Lower Urinary Tract Symptoms
Benign or non-cancerous swelling of the prostate could passively or actively squash the urethra or the urinary channel. This can also lead to incomplete emptying of the bladder, hesitancy, slow stream, post voiding dribbling, and urgency to urinate. In some cases, incontinence could happen in about 40 – 50 percent of men over the age of 50 and are suffering from BPH. These symptoms can be quite annoying and may possibly affect the patient’s overall life quality. Recent studies have correlated the LUTS to the causes of Erectile Dysfunction in 20s, although this depends on its severity. The condition has also been linked to painful ejaculations and ejaculatory incompetence. In a study that observed more than 12,000 men around the age of 50 – 80, it was found that the severity of the urinary symptoms is a major factor in the progression of ejaculatory disturbances and erectile dysfunction, regardless of age and some other risk factors. Several theories, although they have not yet been confirmed, have attributed the link between the sexual symptoms and urinary to the sympathetic nervous system’s hyperactivity in the penis and prostate, which leads to the contraction of the penile arteries and smooth muscles. Over recent years, much emphasis has been put on the role of Rho-kinase in both LUTS and ED. Rho-kinase is responsible for regulating the various cellular processes in the body and that includes the contraction of smooth muscles.
In terms of hypertension, there are medications used for treating urinary symptoms that could possibly affect sexual function be one of the causes for erectile dysfunction. For instance, 5-alpha reductases, such as Avodart and Proscar, have the tendency to lower one’s sexual desire. These medications have also been found to affect sexual potency, sexual desire, with a tendency to inhibit ejaculation. Alpha-blocker medications, such as Flomax, have also been found to trigger ejaculatory disturbances on about 30% of patients. This negative consequence is said to be due to the inhibitory influence of the drug on the vas deferens and seminal vesicles. Meanwhile, uroselective alpha-blockers like Uro-Xatral and Flomax, including phosphodiesterase type 5 inhibitors may help to improve the patient’s sexual and urinary symptoms. Unfortunately, the US Food and Drug Administration has warned that taking Viagra or other Sildenafil based ED medicine such as Cenforce or Sildamax in more than 25 mg should be avoided within four hours of taking the alpha-blocker. But some clinical studies confirmed that the combination of Flomax and Cialis, or Uro-Xatral and Cialis, for the treatment of ED and LUTS, does not come with any dangerous side effects.

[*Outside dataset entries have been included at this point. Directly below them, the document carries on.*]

Lemma pistar_partial_sum theta m : -1 < theta ->
  sum_f_R0 (pistar theta) m = 1 - theta ^ S m / rising (theta + 1) (S m).
Proof.
  intros Htheta.
  assert (Hr : forall k, 0 < rising (theta + 1) k) by (intros; apply rising_pos; lra).
  induction m as [|m IH].
  - unfold pistar. simpl. field. lra.
  - simpl sum_f_R0. rewrite IH. unfold pistar.
    change (rising (theta + 1) (S (S m)))
      with (rising (theta + 1) (S m) * (theta + 1 + INR (S m))).
    rewrite <- (tech_pow_Rmult theta (S m)), (S_INR (S m)).
    pose proof (Hr (S m)). pose proof (pos_INR (S m)).
    field. lra.
Qed.

Lemma pistar_balance theta m : -1 < theta ->
  theta * pistar theta m = INR (S m) * (1 - sum_f_R0 (pistar theta) m).
Proof.
  intros Htheta. rewrite pistar_partial_sum by exact Htheta. unfold pistar.
  assert (0 < rising (theta + 1) (S m)) by (apply rising_pos; lra).
  simpl (theta ^ S m). field. lra.
Qed.

(* Rows i < m of Q are fully contained in j <= m and sum to 0; row m misses
   only its up-jump; a row i > m sees exactly m+1 down-jumps. *)
Lemma qrate_row_partial_sum lam mu i m :
  sum_f_R0 (qrate lam mu i) m =
  if (i <? m)%nat then 0 else if (i =? m)%nat then - lam else INR (S m) * mu.
Proof.
  induction m as [|m IH].
  - unfold qrate. destruct i; simpl; ring.
  - simpl sum_f_R0. rewrite IH. unfold qrate.
    destruct (Nat.ltb_spec i m); destruct (Nat.ltb_spec i (S m));
    destruct (Nat.eqb_spec (S m) (S i)); destruct (Nat.eqb_spec (S m) i);
    destruct (Nat.eqb_spec i m); destruct (Nat.eqb_spec i (S m));
    destruct (Nat.ltb_spec (S m) i);
    try lia; subst; rewrite ?S_INR; ring.
Qed.

Lemma ex_series_qrate_column lam mu (q : nat -> R) j :
  ex_series q -> ex_series (fun i => q i * qrate lam mu i j).
Proof.
  intros Hq. apply (ex_series_incr_n _ (S j)).
  apply (ex_series_ext (fun k => mu * q (S j + k)%nat)).
  - intros k. unfold qrate.
    destruct (Nat.eqb_spec j (S (S j + k))); [lia|].
    destruct (Nat.eqb_spec j (S j + k)); [lia|].
    destruct (Nat.ltb_spec j (S j + k)); [apply Rmult_comm|lia].
  - apply (ex_series_scal_l mu (fun k => q (S j + k)%nat)), (ex_series_incr_n q (S j)), Hq.
Qed.

Lemma forward_partial_sum lam mu (q : nat -> R) l m : is_series q l ->
  sum_f_R0 (fun j => Series (fun i => q i * qrate lam mu i j)) m
  = INR (S m) * mu * (l - sum_f_R0 q m) - lam * q m.
Proof.
  intros Hq. assert (Eq : ex_series q) by (exists l; exact Hq).
  set (r i := if (i <? m)%nat then 0 else if (i =? m)%nat then - lam else INR (S m) * mu).
  rewrite <- (is_series_unique _ _ (is_series_sum_f_R0
    (fun j i => q i * qrate lam mu i j) _ m
    (fun j => Series_correct _ (ex_series_qrate_column lam mu q j Eq)))).
  rewrite (Series_ext _ (fun i => q i * r i)).
  2:{ intros i. unfold r. rewrite <- qrate_row_partial_sum, scal_sum.
      apply sum_eq. intros k _. ring. }
  assert (Htail : forall k, r (S m + k)%nat = INR (S m) * mu).
  { intros k. unfold r. destruct (Nat.ltb_spec (S m + k) m); [lia|].
    destruct (Nat.eqb_spec (S m + k) m); [lia|reflexivity]. }
  assert (Hhead : sum_f_R0 (fun i => q i * r i) m = - lam * q m).
  { unfold r. destruct m as [|m]; simpl.
    - ring.
    - rewrite (sum_eq _ (fun _ => 0)), sum_cte, Nat.ltb_irrefl, Nat.eqb_refl; [ring|].
      intros k Hk. destruct (Nat.ltb_spec k (S m)); [ring|lia]. }
  assert (Hex : ex_series (fun i => q i * r i)).
  { apply (ex_series_incr_n _ (S m)).
    apply (ex_series_ext (fun k => INR (S m) * mu * q (S m + k)%nat)).
    - intros k. rewrite Htail. apply Rmult_comm.
    - apply (ex_series_scal_l _ (fun k => q (S m + k)%nat)), (ex_series_incr_n q (S m)), Eq. }
  rewrite (Series_incr_n _ (S m)) by (lia || exact Hex).
  simpl Init.Nat.pred. rewrite Hhead.
  rewrite (Series_ext _ (fun k => INR (S m) * mu * q (S m + k)%nat))
    by (intros k; rewrite Htail; ring).
  rewrite Series_scal_l, <- (is_series_unique _ _ Hq), (Series_incr_n q (S m)) by (lia || exact Eq).
  simpl Init.Nat.pred. ring.
Qed.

To summarize, if the patient does not know the causes of erectile dysfunction or impotence and the penile curvature has been found to be less than 60-degree and is accompanied with a difficulty of penetration, for as long as the penis has an adequate length, the application of the wedge-shaped tunica may yield a positive result in most cases. However, if it has been established that the curvature is more than 60-degrees and the penis small, then creating an incision on the plaque as well as grafting it with some synthetic or natural materials might work. In addition, a new study has found that having non-palpable scarring at the penile septum can be considered aPeyronie’s disease.